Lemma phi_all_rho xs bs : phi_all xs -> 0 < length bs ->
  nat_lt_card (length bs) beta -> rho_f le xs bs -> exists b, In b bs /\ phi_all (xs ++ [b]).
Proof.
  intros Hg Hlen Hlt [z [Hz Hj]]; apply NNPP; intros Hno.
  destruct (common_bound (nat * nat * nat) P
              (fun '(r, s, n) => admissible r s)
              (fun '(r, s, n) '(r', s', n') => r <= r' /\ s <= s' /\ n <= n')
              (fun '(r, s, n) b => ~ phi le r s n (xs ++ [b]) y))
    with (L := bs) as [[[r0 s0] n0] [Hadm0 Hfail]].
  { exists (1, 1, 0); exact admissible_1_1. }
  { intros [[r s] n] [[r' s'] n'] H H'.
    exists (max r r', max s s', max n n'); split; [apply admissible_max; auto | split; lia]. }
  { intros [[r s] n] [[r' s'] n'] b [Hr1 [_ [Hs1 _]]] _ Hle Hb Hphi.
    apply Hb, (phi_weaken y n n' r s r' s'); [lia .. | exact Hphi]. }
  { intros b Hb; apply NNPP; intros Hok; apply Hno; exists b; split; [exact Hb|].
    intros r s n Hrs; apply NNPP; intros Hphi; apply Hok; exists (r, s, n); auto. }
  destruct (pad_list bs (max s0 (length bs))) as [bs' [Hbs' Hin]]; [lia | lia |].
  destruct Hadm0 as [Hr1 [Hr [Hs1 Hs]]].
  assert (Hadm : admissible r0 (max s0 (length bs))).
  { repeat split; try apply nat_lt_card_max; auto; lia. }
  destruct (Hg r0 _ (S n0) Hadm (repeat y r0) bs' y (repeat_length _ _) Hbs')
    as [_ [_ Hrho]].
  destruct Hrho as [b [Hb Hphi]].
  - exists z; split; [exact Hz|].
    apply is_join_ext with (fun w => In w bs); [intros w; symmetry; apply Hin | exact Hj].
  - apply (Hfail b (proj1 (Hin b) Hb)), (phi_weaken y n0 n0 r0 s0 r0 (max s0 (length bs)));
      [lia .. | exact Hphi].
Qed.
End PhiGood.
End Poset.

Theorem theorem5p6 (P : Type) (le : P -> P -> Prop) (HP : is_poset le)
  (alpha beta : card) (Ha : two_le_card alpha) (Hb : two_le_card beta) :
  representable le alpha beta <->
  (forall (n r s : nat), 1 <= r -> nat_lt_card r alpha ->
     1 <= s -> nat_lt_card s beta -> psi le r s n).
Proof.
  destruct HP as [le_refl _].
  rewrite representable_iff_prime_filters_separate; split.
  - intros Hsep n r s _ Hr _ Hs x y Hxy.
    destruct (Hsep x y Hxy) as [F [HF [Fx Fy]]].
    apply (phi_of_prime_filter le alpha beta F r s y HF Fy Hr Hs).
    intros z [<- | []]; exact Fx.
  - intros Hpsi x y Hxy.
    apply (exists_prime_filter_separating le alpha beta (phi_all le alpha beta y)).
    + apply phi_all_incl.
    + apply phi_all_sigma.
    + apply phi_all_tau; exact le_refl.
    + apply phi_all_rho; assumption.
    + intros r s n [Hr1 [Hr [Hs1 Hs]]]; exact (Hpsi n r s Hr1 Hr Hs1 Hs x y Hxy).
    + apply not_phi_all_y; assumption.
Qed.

==

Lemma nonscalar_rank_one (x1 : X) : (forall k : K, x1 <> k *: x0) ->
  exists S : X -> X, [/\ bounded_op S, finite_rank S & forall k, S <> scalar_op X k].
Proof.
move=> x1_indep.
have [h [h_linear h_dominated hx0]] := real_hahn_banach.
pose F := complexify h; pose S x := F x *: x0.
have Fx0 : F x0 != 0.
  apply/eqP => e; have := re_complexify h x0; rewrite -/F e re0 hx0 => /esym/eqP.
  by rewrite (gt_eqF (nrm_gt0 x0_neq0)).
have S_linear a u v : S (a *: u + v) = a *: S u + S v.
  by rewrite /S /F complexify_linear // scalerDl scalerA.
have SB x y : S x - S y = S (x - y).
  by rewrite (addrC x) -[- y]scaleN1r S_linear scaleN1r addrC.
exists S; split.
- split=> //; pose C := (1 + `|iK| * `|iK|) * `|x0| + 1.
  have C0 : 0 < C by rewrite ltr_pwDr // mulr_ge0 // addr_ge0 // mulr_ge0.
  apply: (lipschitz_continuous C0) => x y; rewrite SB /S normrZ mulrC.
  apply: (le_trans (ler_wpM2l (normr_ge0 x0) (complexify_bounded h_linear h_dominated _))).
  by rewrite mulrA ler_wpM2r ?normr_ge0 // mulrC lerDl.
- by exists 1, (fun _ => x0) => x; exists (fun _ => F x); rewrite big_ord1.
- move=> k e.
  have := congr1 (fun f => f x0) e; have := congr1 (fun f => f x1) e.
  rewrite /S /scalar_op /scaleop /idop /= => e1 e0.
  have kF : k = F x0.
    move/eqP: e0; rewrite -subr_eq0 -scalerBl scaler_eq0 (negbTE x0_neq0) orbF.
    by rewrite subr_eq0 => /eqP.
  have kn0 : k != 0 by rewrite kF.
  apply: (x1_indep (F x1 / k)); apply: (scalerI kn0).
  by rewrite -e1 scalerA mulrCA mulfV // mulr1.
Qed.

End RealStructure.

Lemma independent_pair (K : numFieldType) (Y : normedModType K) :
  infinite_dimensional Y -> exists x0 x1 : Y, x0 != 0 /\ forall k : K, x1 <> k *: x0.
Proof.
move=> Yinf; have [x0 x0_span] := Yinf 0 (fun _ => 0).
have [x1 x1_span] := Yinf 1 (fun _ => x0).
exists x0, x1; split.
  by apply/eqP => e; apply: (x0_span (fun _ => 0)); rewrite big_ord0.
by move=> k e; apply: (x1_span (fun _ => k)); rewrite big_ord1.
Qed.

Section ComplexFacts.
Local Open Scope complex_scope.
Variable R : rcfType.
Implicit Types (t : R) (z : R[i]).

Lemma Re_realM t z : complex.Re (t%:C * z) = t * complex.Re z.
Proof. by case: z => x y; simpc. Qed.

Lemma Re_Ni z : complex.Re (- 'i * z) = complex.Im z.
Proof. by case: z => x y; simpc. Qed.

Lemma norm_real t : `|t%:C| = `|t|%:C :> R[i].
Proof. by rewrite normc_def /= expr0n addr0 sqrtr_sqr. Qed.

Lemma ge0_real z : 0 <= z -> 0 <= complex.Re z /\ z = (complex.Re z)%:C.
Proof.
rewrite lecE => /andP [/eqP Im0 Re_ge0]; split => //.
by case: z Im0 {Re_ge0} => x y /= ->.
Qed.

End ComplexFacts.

TASK TO COMPLETE :: Your answer should be the lines of the material above that include "ComplexFacts".

TASK OUTPUT ::
Section ComplexFacts.
End ComplexFacts.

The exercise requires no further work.